Description of the task
Here are the records. Write out exactly the lines between the one holding "move=> gs ginj xs." and the one holding "move=> e; exists (j - i); first lia.", inclusive.

Stored items:
• • • •

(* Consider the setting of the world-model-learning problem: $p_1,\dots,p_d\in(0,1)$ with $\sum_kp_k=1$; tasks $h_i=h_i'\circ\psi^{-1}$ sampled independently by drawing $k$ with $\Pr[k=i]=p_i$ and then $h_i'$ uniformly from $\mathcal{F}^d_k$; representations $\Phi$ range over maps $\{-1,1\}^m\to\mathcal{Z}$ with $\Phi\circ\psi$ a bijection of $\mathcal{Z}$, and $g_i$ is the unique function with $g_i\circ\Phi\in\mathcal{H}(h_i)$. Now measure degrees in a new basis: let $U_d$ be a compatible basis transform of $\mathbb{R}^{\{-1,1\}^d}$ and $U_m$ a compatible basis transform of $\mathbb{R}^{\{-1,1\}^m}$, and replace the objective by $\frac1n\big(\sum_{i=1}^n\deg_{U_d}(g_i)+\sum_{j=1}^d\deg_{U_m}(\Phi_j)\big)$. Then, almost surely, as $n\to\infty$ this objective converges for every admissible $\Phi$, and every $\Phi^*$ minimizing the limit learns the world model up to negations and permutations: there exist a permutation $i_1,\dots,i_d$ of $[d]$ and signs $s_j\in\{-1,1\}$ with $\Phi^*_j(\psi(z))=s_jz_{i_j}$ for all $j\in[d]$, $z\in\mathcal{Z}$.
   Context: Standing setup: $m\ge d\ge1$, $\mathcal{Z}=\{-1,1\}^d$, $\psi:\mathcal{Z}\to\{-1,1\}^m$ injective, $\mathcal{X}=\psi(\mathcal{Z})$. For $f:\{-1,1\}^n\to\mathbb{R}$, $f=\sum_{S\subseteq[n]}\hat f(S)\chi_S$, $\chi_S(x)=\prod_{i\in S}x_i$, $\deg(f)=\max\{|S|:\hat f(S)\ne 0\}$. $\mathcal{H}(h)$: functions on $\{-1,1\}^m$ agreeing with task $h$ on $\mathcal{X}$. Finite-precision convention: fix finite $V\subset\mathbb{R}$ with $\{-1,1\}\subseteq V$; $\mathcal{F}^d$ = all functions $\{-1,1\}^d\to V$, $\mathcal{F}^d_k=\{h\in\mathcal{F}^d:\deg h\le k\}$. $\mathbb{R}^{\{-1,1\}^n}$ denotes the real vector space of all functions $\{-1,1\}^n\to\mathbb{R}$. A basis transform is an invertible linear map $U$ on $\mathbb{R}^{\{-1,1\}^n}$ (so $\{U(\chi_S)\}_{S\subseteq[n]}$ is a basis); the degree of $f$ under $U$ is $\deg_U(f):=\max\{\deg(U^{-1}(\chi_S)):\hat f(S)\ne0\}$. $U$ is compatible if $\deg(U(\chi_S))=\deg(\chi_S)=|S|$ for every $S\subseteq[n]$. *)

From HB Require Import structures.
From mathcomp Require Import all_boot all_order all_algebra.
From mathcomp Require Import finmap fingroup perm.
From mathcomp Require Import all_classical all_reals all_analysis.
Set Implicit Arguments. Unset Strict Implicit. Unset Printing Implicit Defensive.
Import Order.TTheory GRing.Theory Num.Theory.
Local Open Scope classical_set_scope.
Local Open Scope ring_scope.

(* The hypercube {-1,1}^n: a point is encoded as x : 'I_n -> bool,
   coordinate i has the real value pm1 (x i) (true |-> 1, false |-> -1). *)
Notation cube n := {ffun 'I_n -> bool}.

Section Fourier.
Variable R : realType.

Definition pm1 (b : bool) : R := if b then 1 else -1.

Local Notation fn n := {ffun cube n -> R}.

• • • •

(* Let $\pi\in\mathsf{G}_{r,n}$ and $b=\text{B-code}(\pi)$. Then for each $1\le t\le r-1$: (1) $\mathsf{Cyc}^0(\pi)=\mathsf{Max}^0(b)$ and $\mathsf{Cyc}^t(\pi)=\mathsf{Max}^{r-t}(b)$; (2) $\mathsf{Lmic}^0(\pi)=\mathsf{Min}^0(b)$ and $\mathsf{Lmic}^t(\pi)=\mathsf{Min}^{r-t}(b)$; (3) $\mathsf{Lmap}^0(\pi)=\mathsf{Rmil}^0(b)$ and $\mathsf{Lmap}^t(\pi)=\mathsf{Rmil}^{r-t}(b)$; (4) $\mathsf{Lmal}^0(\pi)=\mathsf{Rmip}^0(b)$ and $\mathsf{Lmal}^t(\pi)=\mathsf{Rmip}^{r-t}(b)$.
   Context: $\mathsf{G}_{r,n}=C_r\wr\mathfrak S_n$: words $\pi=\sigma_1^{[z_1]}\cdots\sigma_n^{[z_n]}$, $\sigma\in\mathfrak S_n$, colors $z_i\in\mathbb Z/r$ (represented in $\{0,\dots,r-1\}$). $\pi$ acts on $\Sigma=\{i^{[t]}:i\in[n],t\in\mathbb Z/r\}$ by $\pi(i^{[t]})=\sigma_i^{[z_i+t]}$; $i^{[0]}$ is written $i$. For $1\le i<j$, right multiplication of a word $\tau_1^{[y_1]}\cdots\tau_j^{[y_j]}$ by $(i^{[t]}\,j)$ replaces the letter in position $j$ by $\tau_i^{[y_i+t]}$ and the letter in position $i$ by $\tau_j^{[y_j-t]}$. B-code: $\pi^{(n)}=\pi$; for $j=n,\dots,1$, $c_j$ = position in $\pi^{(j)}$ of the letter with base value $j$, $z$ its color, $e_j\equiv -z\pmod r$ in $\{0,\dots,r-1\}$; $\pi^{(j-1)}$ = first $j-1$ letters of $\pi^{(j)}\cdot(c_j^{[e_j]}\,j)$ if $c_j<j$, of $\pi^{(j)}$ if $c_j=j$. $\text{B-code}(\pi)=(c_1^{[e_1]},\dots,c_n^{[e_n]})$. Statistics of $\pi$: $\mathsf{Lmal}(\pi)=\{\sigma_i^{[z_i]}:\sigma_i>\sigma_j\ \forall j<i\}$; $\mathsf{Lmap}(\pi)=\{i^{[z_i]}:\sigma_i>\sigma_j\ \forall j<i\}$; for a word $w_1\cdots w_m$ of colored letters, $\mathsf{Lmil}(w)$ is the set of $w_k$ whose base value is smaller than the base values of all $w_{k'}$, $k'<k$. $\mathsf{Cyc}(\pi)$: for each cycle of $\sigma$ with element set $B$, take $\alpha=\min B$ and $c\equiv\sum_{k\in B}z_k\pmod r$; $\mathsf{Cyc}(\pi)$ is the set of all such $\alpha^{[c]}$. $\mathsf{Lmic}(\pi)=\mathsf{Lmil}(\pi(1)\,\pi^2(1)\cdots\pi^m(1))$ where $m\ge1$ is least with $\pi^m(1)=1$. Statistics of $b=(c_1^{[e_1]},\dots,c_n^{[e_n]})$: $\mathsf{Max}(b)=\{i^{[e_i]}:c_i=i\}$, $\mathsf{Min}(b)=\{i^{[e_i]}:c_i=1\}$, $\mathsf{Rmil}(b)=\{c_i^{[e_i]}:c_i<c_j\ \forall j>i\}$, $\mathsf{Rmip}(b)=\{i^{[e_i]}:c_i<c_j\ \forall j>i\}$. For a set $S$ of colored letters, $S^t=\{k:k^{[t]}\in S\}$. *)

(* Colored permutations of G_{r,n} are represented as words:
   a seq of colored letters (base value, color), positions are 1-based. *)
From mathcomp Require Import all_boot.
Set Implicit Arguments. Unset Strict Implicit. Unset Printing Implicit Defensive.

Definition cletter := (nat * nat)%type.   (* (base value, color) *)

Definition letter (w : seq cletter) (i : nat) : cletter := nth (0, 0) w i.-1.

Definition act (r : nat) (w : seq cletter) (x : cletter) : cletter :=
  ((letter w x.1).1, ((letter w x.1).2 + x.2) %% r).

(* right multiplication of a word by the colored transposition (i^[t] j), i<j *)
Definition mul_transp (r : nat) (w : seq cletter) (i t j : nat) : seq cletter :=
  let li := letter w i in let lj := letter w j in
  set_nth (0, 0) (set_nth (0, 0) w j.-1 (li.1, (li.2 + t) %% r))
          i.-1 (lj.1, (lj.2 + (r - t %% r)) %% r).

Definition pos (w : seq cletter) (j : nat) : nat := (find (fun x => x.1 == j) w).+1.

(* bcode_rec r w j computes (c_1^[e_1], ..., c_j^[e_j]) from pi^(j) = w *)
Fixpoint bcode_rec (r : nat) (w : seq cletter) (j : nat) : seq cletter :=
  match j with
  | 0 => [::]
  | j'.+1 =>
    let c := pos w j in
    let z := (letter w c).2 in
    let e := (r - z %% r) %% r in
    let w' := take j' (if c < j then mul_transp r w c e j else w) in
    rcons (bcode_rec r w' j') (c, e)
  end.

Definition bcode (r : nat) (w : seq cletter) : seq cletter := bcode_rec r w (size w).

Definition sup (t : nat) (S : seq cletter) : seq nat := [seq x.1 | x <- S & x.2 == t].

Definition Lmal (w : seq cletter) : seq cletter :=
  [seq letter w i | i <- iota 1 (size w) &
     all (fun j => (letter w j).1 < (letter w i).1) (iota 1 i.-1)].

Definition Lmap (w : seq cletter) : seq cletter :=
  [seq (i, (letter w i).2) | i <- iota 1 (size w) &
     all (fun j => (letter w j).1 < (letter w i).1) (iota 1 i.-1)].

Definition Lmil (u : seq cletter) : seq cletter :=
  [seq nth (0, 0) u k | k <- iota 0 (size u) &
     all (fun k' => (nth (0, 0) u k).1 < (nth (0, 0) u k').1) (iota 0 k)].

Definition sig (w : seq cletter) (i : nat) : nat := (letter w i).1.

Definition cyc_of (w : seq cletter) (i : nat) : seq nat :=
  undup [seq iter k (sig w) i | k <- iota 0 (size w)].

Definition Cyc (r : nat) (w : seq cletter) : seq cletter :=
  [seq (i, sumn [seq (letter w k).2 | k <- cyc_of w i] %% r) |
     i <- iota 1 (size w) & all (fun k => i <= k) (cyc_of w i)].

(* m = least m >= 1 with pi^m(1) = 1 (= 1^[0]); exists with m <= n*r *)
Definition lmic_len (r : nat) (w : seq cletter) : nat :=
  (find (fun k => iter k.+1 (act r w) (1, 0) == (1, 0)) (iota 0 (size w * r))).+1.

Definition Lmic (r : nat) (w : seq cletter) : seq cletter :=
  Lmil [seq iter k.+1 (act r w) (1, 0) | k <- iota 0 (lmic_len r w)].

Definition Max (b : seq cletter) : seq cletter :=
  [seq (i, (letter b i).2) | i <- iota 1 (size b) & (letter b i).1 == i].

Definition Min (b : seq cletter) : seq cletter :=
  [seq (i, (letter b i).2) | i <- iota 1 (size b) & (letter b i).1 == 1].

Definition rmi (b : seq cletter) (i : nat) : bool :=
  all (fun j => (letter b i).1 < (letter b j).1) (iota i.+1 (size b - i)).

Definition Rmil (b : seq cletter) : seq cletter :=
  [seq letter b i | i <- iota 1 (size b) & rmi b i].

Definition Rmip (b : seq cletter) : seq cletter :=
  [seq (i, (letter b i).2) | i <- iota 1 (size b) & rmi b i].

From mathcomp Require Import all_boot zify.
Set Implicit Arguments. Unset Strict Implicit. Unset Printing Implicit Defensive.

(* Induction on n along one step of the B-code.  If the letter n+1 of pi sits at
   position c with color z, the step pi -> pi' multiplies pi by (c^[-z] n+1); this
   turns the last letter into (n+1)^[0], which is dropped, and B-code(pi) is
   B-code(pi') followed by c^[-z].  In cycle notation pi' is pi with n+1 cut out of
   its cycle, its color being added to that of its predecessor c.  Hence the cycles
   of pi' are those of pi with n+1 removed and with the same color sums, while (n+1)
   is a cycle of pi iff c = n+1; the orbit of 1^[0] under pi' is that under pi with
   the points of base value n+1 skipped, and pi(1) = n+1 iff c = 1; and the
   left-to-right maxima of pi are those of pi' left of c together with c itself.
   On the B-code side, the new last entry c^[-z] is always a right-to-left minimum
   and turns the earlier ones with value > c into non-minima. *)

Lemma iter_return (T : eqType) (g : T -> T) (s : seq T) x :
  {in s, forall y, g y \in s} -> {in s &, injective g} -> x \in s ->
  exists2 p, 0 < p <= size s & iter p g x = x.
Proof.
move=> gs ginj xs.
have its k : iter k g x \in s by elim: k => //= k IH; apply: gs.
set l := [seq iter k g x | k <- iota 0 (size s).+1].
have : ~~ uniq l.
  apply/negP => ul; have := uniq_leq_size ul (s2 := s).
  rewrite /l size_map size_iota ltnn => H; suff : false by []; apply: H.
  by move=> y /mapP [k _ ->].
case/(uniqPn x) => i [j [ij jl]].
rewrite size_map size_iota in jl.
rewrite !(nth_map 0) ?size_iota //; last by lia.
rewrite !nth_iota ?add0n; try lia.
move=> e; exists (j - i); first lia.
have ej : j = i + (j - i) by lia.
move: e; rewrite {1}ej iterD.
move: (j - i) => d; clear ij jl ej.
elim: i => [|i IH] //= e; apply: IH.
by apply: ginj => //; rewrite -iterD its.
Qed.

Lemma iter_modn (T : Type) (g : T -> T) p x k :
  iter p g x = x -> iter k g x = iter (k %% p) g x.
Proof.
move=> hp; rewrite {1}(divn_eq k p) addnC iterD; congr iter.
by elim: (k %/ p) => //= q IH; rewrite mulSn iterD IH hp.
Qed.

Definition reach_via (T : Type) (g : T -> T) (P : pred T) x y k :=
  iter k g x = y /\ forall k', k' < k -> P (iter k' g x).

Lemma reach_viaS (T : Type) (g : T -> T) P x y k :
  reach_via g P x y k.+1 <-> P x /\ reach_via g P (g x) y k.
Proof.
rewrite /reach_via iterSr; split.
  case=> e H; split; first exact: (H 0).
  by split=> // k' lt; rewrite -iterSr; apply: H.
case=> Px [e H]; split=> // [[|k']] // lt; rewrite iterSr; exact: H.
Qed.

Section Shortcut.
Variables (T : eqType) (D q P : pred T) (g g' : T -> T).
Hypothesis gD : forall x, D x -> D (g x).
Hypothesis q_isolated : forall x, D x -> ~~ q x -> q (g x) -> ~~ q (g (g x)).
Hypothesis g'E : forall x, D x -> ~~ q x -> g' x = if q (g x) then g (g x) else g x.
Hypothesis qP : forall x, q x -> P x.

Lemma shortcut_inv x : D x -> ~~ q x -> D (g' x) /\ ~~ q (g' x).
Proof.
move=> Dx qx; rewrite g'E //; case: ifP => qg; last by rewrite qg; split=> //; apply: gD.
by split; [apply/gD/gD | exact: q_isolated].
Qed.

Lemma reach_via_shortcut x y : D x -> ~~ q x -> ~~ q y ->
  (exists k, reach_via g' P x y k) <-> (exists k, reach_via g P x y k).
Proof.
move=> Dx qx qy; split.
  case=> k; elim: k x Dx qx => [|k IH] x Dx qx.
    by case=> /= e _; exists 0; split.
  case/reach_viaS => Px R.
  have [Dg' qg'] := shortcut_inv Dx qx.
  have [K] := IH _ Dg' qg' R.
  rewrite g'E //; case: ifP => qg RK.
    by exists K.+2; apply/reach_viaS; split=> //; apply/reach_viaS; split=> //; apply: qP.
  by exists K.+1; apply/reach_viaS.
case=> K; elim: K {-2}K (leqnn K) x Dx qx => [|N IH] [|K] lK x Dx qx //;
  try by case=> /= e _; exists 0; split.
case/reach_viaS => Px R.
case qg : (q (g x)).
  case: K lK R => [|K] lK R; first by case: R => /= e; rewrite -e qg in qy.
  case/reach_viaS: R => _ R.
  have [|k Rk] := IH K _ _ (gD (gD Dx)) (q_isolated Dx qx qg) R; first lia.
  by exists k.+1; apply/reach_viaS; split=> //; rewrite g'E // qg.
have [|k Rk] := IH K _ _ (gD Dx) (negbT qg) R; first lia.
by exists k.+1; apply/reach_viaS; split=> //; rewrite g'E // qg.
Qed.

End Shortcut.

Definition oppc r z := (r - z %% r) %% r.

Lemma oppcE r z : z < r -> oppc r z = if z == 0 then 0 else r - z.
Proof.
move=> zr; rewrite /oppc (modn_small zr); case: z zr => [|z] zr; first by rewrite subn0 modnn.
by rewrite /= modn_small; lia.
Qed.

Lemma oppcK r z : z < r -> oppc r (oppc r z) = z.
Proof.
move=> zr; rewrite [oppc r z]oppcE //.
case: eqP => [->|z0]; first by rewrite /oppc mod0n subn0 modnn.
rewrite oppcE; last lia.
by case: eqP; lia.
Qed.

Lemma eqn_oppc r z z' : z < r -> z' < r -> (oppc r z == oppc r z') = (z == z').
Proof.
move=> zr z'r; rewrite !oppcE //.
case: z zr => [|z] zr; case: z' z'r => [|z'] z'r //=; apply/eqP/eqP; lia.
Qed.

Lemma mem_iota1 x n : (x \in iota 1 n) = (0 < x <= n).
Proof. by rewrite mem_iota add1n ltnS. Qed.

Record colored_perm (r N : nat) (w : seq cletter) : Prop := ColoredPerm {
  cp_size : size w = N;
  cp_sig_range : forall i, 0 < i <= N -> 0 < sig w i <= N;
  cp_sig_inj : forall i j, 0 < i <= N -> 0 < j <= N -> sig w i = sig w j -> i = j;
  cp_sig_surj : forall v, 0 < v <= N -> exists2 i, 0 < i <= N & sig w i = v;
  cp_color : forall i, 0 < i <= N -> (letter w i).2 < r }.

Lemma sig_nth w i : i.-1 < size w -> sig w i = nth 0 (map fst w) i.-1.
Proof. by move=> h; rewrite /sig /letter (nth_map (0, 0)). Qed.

• • • •

Answer
move=> gs ginj xs.
have its k : iter k g x \in s by elim: k => //= k IH; apply: gs.
set l := [seq iter k g x | k <- iota 0 (size s).+1].
have : ~~ uniq l.
  apply/negP => ul; have := uniq_leq_size ul (s2 := s).
  rewrite /l size_map size_iota ltnn => H; suff : false by []; apply: H.
  by move=> y /mapP [k _ ->].
case/(uniqPn x) => i [j [ij jl]].
rewrite size_map size_iota in jl.
rewrite !(nth_map 0) ?size_iota //; last by lia.
rewrite !nth_iota ?add0n; try lia.
move=> e; exists (j - i); first lia.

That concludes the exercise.